Donation déguisée : quand faire passer une donation pour une vente peut coûter très cher
- Coralie Daven
- 8 mai
- 3 min de lecture

Dans le cadre de la gestion patrimoniale, certaines stratégies peuvent sembler ingénieuses sur le papier, mais se révéler catastrophiques à l’épreuve du contrôle fiscal. C’est notamment le cas lorsque l’on cherche à déguiser une donation en vente, dans l’espoir de réduire la fiscalité.
Un récent contentieux en fournit une illustration particulièrement parlante. Décryptage.
Une opération à première vue « bien ficelée »
Dans l’affaire en question, une mère décide de vendre la nue-propriété de sa villa à une SCI détenue par son fils. Elle conserve l’usufruit du bien (c’est-à-dire le droit d’en jouir et d’en percevoir les revenus), ce qui permet de transmettre le patrimoine de manière anticipée, tout en gardant l’usage du bien.
Le prix de vente est fixé à 1 190 000 €, censé représenter 70 % de la valeur en pleine propriété (soit une pleine propriété estimée à 1 700 000 €). L’opération semble juridiquement solide.
L'intervention du fisc
Mais l'administration fiscale ne s'est pas laissée convaincre. Une réévaluation de la villa a été opérée, estimant sa pleine propriété à 3 832 950 €. Par conséquent, la nue-propriété transmise valait, selon le fisc, 2 683 065 €, et non 1 190 000 € comme déclaré.
Conséquence immédiate : une présomption de donation déguisée.
Car dans cette configuration, l’administration a considéré que le prix déclaré était nettement inférieur à la valeur réelle et que la vente masquait en réalité une libéralité (un avantage volontaire accordé sans contrepartie).
Des erreurs fiscales aux conséquences redoutables
Plusieurs erreurs ont été commises dans cette opération, aggravant lourdement la situation :
La donation a été faite non pas au fils directement, mais à sa SCI, ce qui a pour effet d’écarter l’application du tarif de donation en ligne directe.
→ Résultat : application du taux de 60 % (tarif applicable entre personnes non parentes) sur la valeur du bien transmis.
La qualification de donation déguisée implique une fraude fiscale, ce qui permet à l’administration de majorer les droits dus de 80 %.
→ Un redressement de 2 800 000 € a été notifié au final. Un coût vertigineux pour une opération censée optimiser les droits de transmission…

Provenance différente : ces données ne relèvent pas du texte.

(* Let $N\ge2$ be even. For every $s\in(1,m^*_N]$ there exists $\theta_s\in\mathcal G$ with $\langle M_N(\theta_s)\rangle=s$.
   Context: $\mathcal G=(\pi/4,\pi/2)\cup(\pi/2,3\pi/4)\cup(5\pi/4,3\pi/2)\cup(3\pi/2,7\pi/4)$. For $\bm x\in\{0,1\}^N$ let $|\bm x|=\sum_kx_k$ and $c_{\bm x}=\cos\big[\frac\pi2\big(\frac{N-1}2-|\bm x|\big)\big]$. The MABK value of the strategy with state $(|0\rangle^{\otimes N}+i|1\rangle^{\otimes N})/\sqrt2$ and observables $A^{(k)}_0=\sigma_X$, $A^{(k)}_1=\cos\theta\sigma_X+\sin\theta\sigma_Y$ for all $k$ is $\langle M_N(\theta)\rangle:=2^{(1-N)/2}\sum_{\bm x\in\{0,1\}^N}c_{\bm x}\sin(|\bm x|\theta)$ (since the full correlator of this strategy at input $\bm x$ is $\sin(|\bm x|\theta)$); equivalently $\langle M_N(\theta)\rangle=2^{\frac{N-1}2}\big(\cos^N(\theta/2+\pi/4)\sin(N\theta/2+\pi/4)+\cos^N(\theta/2-\pi/4)\sin(N\theta/2-\pi/4)\big)$. $m^*_N:=\langle M_N(\theta^*_N)\rangle$ with $\theta^*_N=2\pi t_N/(N+1)$, where $t_N=N/4+1/2,\ N/4,\ 3N/4+1/2,\ 3N/4+1$ according as $N\equiv2,4,6,0\pmod 8$. *)

From Stdlib Require Import Reals Lra Lia List.
Open Scope R_scope.

Fixpoint bitstrings (N : nat) : list (list bool) :=
  match N with
  | O => nil :: nil
  | S n => map (cons false) (bitstrings n) ++ map (cons true) (bitstrings n)
  end.

Definition weight (x : list bool) : nat := count_occ Bool.bool_dec x true.

Definition cx (N : nat) (x : list bool) : R :=
  cos (PI / 2 * ((INR N - 1) / 2 - INR (weight x))).

Definition MABK (N : nat) (theta : R) : R :=
  Rpower 2 ((1 - INR N) / 2) *
  fold_right Rplus 0
    (map (fun x => cx N x * sin (INR (weight x) * theta)) (bitstrings N)).

(* t_N, for N = 2,4,6,0 (mod 8); only used for even N. *)
Definition tN (N : nat) : R :=
  match (N mod 8)%nat with
  | 2%nat => INR N / 4 + 1 / 2
  | 4%nat => INR N / 4
  | 6%nat => 3 * INR N / 4 + 1 / 2
  | _ => 3 * INR N / 4 + 1
  end.
(* States $|\psi\rangle\in H_s$ that cannot be trained by QAOA with target state $|0\rangle^{\otimes n}$ necessarily satisfy \begin{align} A_1=\langle e_1|\psi\rangle \propto \langle 0|^{\otimes n}\mathcal{H}_x|\psi\rangle\propto\langle 0|^{\otimes n}X|\psi\rangle=0,\\ |A_2|=|\langle e_2|\psi\rangle|\le\sqrt{\dfrac{2n}{n-1}}\,|\langle 0|^{\otimes n}|\psi\rangle| . \end{align}
   Context: QAOA on $n$ qubits prepares $|\psi_p(\boldsymbol\gamma,\boldsymbol\beta)\rangle=\prod_{k=1}^p e^{-i\beta_k\mathcal{H}_x}e^{-i\gamma_k|\boldsymbol t\rangle\langle\boldsymbol t|}|+\rangle^{\otimes n}$ with $\mathcal{H}_x=\sum_{i=1}^n X_i$ (Pauli $X$ on qubit $i$), $\gamma_k\in[0,2\pi)$, $\beta_k\in[0,\pi)$; here the target is $|\boldsymbol t\rangle=|0\rangle^{\otimes n}$ and the objective is the overlap $|\langle \boldsymbol t|\psi_p\rangle|^2$. In layerwise training, one layer is added at a time and only the new layer's parameters $(\beta_c,\gamma_c)$ are optimized, so $|\psi_c\rangle=e^{-i\beta_c\mathcal{H}_x}e^{-i\gamma_c|0\rangle^{\otimes n}\langle 0|^{\otimes n}}|\psi_{c-1}\rangle$. $H_s$ is the symmetric subspace, spanned by states invariant under every permutation $P_{ij}$ of two qubits; it has the orthonormal Dicke basis $|e_k\rangle$, $k=0,\dots,n$, where $|e_k\rangle$ is the normalized uniform superposition of all $n$-qubit computational basis states of Hamming weight $k$ (so $|e_0\rangle=|0\rangle^{\otimes n}$). All QAOA states with this target lie in $H_s$, and $A_k=\langle e_k|\psi\rangle$. A state ''cannot be trained'' means that applying a further layer $e^{-i\beta\mathcal{H}_x}e^{-i\gamma|0\rangle^{\otimes n}\langle 0|^{\otimes n}}$ and optimizing over $(\beta,\gamma)$ cannot increase the overlap with $|0\rangle^{\otimes n}$, i.e. the function $g(\beta)=\cos^n\beta\,\big(|A_0|+|\sum_{k=1}^n(-i\tan\beta)^kA_k\sqrt{C_n^k}|\big)$ (the overlap modulus already maximized over $\gamma$) has its global maximum at $\beta=0$. *)

From HB Require Import structures.
From mathcomp Require Import all_boot all_order all_algebra.
From mathcomp Require Import complex.
From mathcomp Require Import reals trigo.
Set Implicit Arguments. Unset Strict Implicit. Unset Printing Implicit Defensive.
Import Order.TTheory GRing.Theory Num.Theory.
Local Open Scope ring_scope.
Local Open Scope complex_scope.

(* Amplitudes A k = <e_k|psi>, k = 0..n, of a state in the symmetric subspace
   expressed in the Dicke basis (values of A at k > n are irrelevant). *)

Definition qaoa_g {R : realType} (n : nat) (A : nat -> R[i]) (beta : R) : R :=
  cos beta ^+ n *
  (Normc.normc (A 0%N) +
   Normc.normc (\sum_(1 <= k < n.+1)
            (- 'i * (tan beta)%:C) ^+ k * A k * (Num.sqrt ('C(n, k))%:R)%:C)).

Definition cannot_be_trained {R : realType} (n : nat) (A : nat -> R[i]) : Prop :=
  forall beta : R, 0 <= beta < pi -> qaoa_g n A beta <= qaoa_g n A 0.

From HB Require Import structures.
From mathcomp Require Import all_boot all_order all_algebra.
From mathcomp Require Import complex.
From mathcomp Require Import reals trigo.
From mathcomp Require Import ring lra.
Set Implicit Arguments. Unset Strict Implicit. Unset Printing Implicit Defensive.
Import Order.TTheory GRing.Theory Num.Theory.
Local Open Scope ring_scope.
Local Open Scope complex_scope.

(* Put t = tan beta, so that cos^-2 beta = 1 + t^2, and c_k = A_k sqrt(C(n,k)).
   Untrainability at beta = atan t gives, for 0 < t <= 1,
     |A_0| + |sum_(k >= 1) (-i t)^k c_k| <= |A_0| (1 + t^2)^n
                                          = |A_0| (1 + n t^2 + O(t^4)),
   so the series is O(t^2) with t^2-coefficient at most n |A_0|.  Isolating
   its lowest-order term and letting t -> 0 forces c_1 = 0 and then
   |c_2| <= n |A_0|, which is the claim since
   sqrt(2n/(n-1)) sqrt(C(n,2)) = n. *)

Local Notation normc := Normc.normc.

Lemma le0_of_le_mul (R : realFieldType) (x C : R) :
  (forall t, 0 < t <= 1 -> x <= t * C) -> x <= 0.
Proof.
move=> x_le; apply/ler_addgt0Pr => e e_gt0; rewrite add0r.
have [C_le0 | C_gt0] := lerP C 0.
  by have := x_le 1; rewrite ltr01 lexx mul1r => /(_ isT); lra.
set t := Num.min 1 (e / C).
have t_gt0 : 0 < t by rewrite lt_min ltr01 divr_gt0.
apply: le_trans (x_le t _) _; first by rewrite t_gt0 ge_min lexx.
by rewrite -ler_pdivlMr // ge_min lexx orbT.
Qed.

Lemma expr1D_le_quadratic (R : realFieldType) (n : nat) :
  exists2 K : R, 0 <= K &
    forall x, 0 <= x <= 1 -> (1 + x) ^+ n <= 1 + n%:R * x + K * x ^+ 2.
Proof.
elim: n => [|n [K K_ge0 IH]].
  by exists 0 => // x _; rewrite expr0 !mul0r !addr0.
exists (n%:R + K + K) => [|x /andP[x_ge0 x_le1]].
  by rewrite !addr_ge0.
have := IH x; rewrite x_ge0 x_le1 => /(_ isT) IHx.
rewrite exprSr -natr1.
have x3_le : K * x ^+ 3 <= K * x ^+ 2 by rewrite ler_wpM2l // ler_wiXn2l.
have := ler_wpM2r (_ : 0 <= 1 + x) IHx; rewrite ?addr_ge0 // => /(_ isT).
rewrite !exprS expr0 !mulr1 in x3_le *; nra.
Qed.

Section ImaginarySeries.
Variable R : rcfType.
Implicit Types (t : R) (c : nat -> R[i]).

Lemma normc_ge0 (x : R[i]) : 0 <= normc x.
Proof. exact: (@normr_ge0 _ (Rcomplex R)). Qed.

Lemma normc_sum_le (m p : nat) (F : nat -> R[i]) :
  normc (\sum_(m <= k < p) F k) <= \sum_(m <= k < p) normc (F k).
Proof. exact: (@ler_norm_sum _ (Rcomplex R)). Qed.

Lemma normcX (x : R[i]) k : normc (x ^+ k) = normc x ^+ k.
Proof.
elim: k => [|k IH]; first by rewrite !expr0 Normc.normc1.
by rewrite !exprS Normc.normcM IH.
Qed.

Lemma normc_real t : normc t%:C = `|t|.
Proof. by rewrite /= expr0n /= addr0 sqrtr_sqr. Qed.

Lemma normc_mulNi t : 0 <= t -> normc (- 'i * t%:C) = t.
Proof.
move=> t_ge0; rewrite Normc.normcM (normcN (R := R)) normc_real ger0_norm //.
by rewrite /= expr0n /= expr1n add0r sqrtr1 mul1r.
Qed.

Lemma normc_tail_le c t m p : 0 <= t <= 1 ->
  normc (\sum_(m <= k < p) (- 'i * t%:C) ^+ k * c k)
    <= t ^+ m * \sum_(m <= k < p) normc (c k).
Proof.
case/andP=> t_ge0 t_le1; apply: le_trans (normc_sum_le _ _ _) _.
rewrite mulr_sumr; apply: ler_sum_nat => k /andP[le_mk _].
rewrite Normc.normcM normcX normc_mulNi //.
by rewrite ler_wpM2r ?normc_ge0 ?ler_wiXn2l.
Qed.

Lemma normc_lead_le c t m p : 0 <= t <= 1 -> (m < p)%N ->
  t ^+ m * normc (c m)
    <= normc (\sum_(m <= k < p) (- 'i * t%:C) ^+ k * c k)
       + t ^+ m.+1 * \sum_(m.+1 <= k < p) normc (c k).
Proof.
move=> t01 lt_mp; rewrite (big_ltn lt_mp).
set lead := _ * c m.
set tail := \sum_(m.+1 <= k < p) (- 'i * t%:C) ^+ k * c k.
have -> : t ^+ m * normc (c m) = normc lead.
  by rewrite Normc.normcM normcX normc_mulNi //; case/andP: t01.
have lead_le : normc lead <= normc (lead + tail) + normc (- tail).
  by rewrite -[X in normc X](addrK tail) le_normcD.
by apply: le_trans lead_le _; rewrite normcN lerD2l normc_tail_le.
Qed.

Lemma normc_lead_coef_le c (m p : nat) (b C : R) :
  (m < p)%N ->
  (forall t, 0 < t <= 1 ->
     normc (\sum_(m <= k < p) (- 'i * t%:C) ^+ k * c k)
       <= t ^+ m * b + t ^+ m.+1 * C) ->
  normc (c m) <= b.
Proof.
move=> lt_mp S_le; rewrite -subr_le0.
set M := \sum_(m.+1 <= k < p) normc (c k).
apply: (@le0_of_le_mul _ _ (C + M)) => t /andP[t_gt0 t_le1].
have t01 : 0 <= t <= 1 by rewrite ltW.
have y_gt0 : 0 < t ^+ m by rewrite exprn_gt0.
rewrite -(ler_pM2l y_gt0).
have := normc_lead_le c t01 lt_mp; have := S_le t; rewrite t_gt0 t_le1 exprS -/M.
move=> /(_ isT); lra.
Qed.

End ImaginarySeries.

Lemma sqrt_scale_bin2 (R : rcfType) (n : nat) : (2 <= n)%N ->
  Num.sqrt ((2 * n)%:R / n.-1%:R) * Num.sqrt 'C(n, 2)%:R = n%:R :> R.
Proof.
case: n => [|[|m]] // _; rewrite -sqrtrM ?divr_ge0 //.
have bin2E : 'C(m.+2, 2)%:R = (m.+1 * m.+2)%:R / 2 :> R.
  have := mul_bin_left m.+2 1; rewrite bin1 subn1 /= => <-.
  by rewrite natrM mulrC mulKf ?pnatr_eq0.
rewrite bin2E /= !natrM -[X in _ = X]ger0_norm // -sqrtr_sqr; congr Num.sqrt.
by field; rewrite addrC natr1 pnatr_eq0.
Qed.

Section Untrainable.
Variables (R : realType) (n : nat) (A : nat -> R[i]).
Hypothesis untrained : cannot_be_trained n A.

Definition qaoa_coef k : R[i] := A k * (Num.sqrt 'C(n, k)%:R)%:C.

Lemma normc_qaoa_coef k : normc (qaoa_coef k) = normc (A k) * Num.sqrt 'C(n, k)%:R.
Proof. by rewrite Normc.normcM normc_real ger0_norm ?sqrtr_ge0. Qed.

Lemma qaoa_g0 : qaoa_g n A 0 = normc (A 0%N).
Proof.
rewrite /qaoa_g cos0 tan0 expr1n mul1r.
rewrite big_nat_cond big1 ?Normc.normc0 ?addr0 // => -[|k] /andP[/andP[k_ge1 _] _] //.
by rewrite mulr0 expr0n /= !mul0r.
Qed.

Lemma cannot_be_trained_le_expr t : 0 < t ->
  normc (A 0%N) + normc (\sum_(1 <= k < n.+1) (- 'i * t%:C) ^+ k * qaoa_coef k)
    <= normc (A 0%N) * (1 + t ^+ 2) ^+ n.
Proof.
move=> t_gt0; under eq_bigr do rewrite mulrA.
have atan_gt0 : 0 < atan t by rewrite -atan0 lt_atan.
have atan_ltpi : atan t < pi.
  by apply: lt_trans (atan_ltpi2 t) _; rewrite ltr_pdivrMr ?ltr_pMr ?ltr1n ?pi_gt0.
have := @untrained (atan t); rewrite ltW //= atan_ltpi qaoa_g0 /qaoa_g atanK => /(_ isT).
have cos_gt0 : 0 < cos (atan t) by rewrite cos_gt0_pihalf // atan_gtNpi2 atan_ltpi2.
have := cos2_tan2 (lt0r_neq0 cos_gt0); rewrite atanK => <-.
rewrite exprVn -exprM mulnC exprM.
have : 0 < cos (atan t) ^+ n by rewrite exprn_gt0.
have : cos (atan t) ^+ n <= 1 by rewrite exprn_ile1 ?cos_le1 ?ltW.
set d := cos (atan t) ^+ n; set a0 := normc (A 0%N).
have a0_ge0 : 0 <= a0 := normc_ge0 _.
move=> d_le1 d_gt0 le_a0; rewrite -[_ * _^-1]/(_ / _) ler_pdivlMr ?exprn_gt0 //.
rewrite expr2 mulrA; nra.
Qed.

Lemma cannot_be_trained_series_le :
  exists2 C, 0 <= C & forall t, 0 < t <= 1 ->
    normc (\sum_(1 <= k < n.+1) (- 'i * t%:C) ^+ k * qaoa_coef k)
      <= t ^+ 2 * (n%:R * normc (A 0%N)) + t ^+ 3 * C.
Proof.
set a0 := normc (A 0%N); have a0_ge0 : 0 <= a0 := normc_ge0 _.
have [K K_ge0 expr1D_le] := expr1D_le_quadratic R n.
exists (K * a0) => [|t /andP[t_gt0 t_le1]]; first exact: mulr_ge0.
have t2_01 : 0 <= t ^+ 2 <= 1 by rewrite sqr_ge0 exprn_ile1 // ltW.
have t4_le : t ^+ 4 <= t ^+ 3 by apply: ler_wiXn2l => //; exact: ltW.
have := ler_wpM2l (mulr_ge0 K_ge0 a0_ge0) t4_le.
have := ler_wpM2l a0_ge0 (expr1D_le _ t2_01).
have := cannot_be_trained_le_expr t_gt0.
rewrite -exprM -/a0; lra.
Qed.

End Untrainable.

Theorem proposition1 (R : realType) (n : nat) (A : nat -> R[i]) :
  (2 <= n)%N ->
  cannot_be_trained n A ->
  A 1%N = 0 /\
  Normc.normc (A 2%N) <= Num.sqrt ((2 * n)%:R / (n.-1)%:R) * Normc.normc (A 0%N).
Proof.
move=> n_ge2 untrained; set a0 := normc (A 0%N).
have [C C_ge0 S_le] := cannot_be_trained_series_le untrained.
have A1_eq0 : A 1%N = 0.
  apply/Normc.eq0_normc/eqP; rewrite eq_le normc_ge0 andbT.
  have : normc (qaoa_coef n A 1) <= 0.
    apply: (@normc_lead_coef_le _ _ 1 n.+1 0 (n%:R * a0 + C)) => [|t t01].
      exact: leqW.
    apply: le_trans (S_le t t01) _.
    rewrite -/a0 mulr0 add0r mulrDr lerD2l ler_wpM2r //.
    by case/andP: t01 => t_gt0 t_le1; apply: ler_wiXn2l => //; exact: ltW.
  by rewrite normc_qaoa_coef bin1 pmulr_lle0 // sqrtr_gt0 ltr0n ltnW.
split=> //.
have A2_le : normc (qaoa_coef n A 2) <= n%:R * a0.
  apply: (normc_lead_coef_le (p := n.+1) (C := C)) => // t t01.
  have := S_le t t01; rewrite big_ltn 1?leqW //.
  by rewrite {1}/qaoa_coef A1_eq0 !mul0r mulr0 add0r.
have bin2_gt0 : 0 < Num.sqrt 'C(n, 2)%:R :> R by rewrite sqrtr_gt0 ltr0n bin_gt0.
by rewrite -(ler_pM2r bin2_gt0) mulrAC sqrt_scale_bin2 // -normc_qaoa_coef.
Qed.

Que faut-il retenir de cette affaire de "donation déguisée" ?
Cette affaire rappelle que la frontière entre optimisation et abus de droit est ténue, et que vouloir contourner la fiscalité peut entraîner de lourdes sanctions.
Voici quelques enseignements clés :
Transmettre à une société contrôlée par un proche n’offre pas toujours les avantages escomptés : cela peut neutraliser les abattements et faire appliquer des taux bien plus élevés.
La dissimulation de la valeur réelle d’un bien est à proscrire. L’administration fiscale dispose de moyens d’évaluation pour détecter les incohérences.
Une opération atypique doit toujours être précédée d’une analyse juridique et fiscale rigoureuse, avec l’appui d’un professionnel compétent.
En conclusion
Ce type de montage peut sembler « malin » sur le moment. Mais en pratique, il expose les familles à un risque fiscal considérable, sans garantie de réussite.
La donation déguisée est une fausse bonne idée.
Avant toute transmission patrimoniale, mieux vaut opter pour la transparence et la sécurité juridique, quitte à assumer une fiscalité modérée… plutôt que d’en subir une, majorée de pénalités.
Le bon réflexe ? Se faire accompagner par un notaire ou un avocat fiscaliste.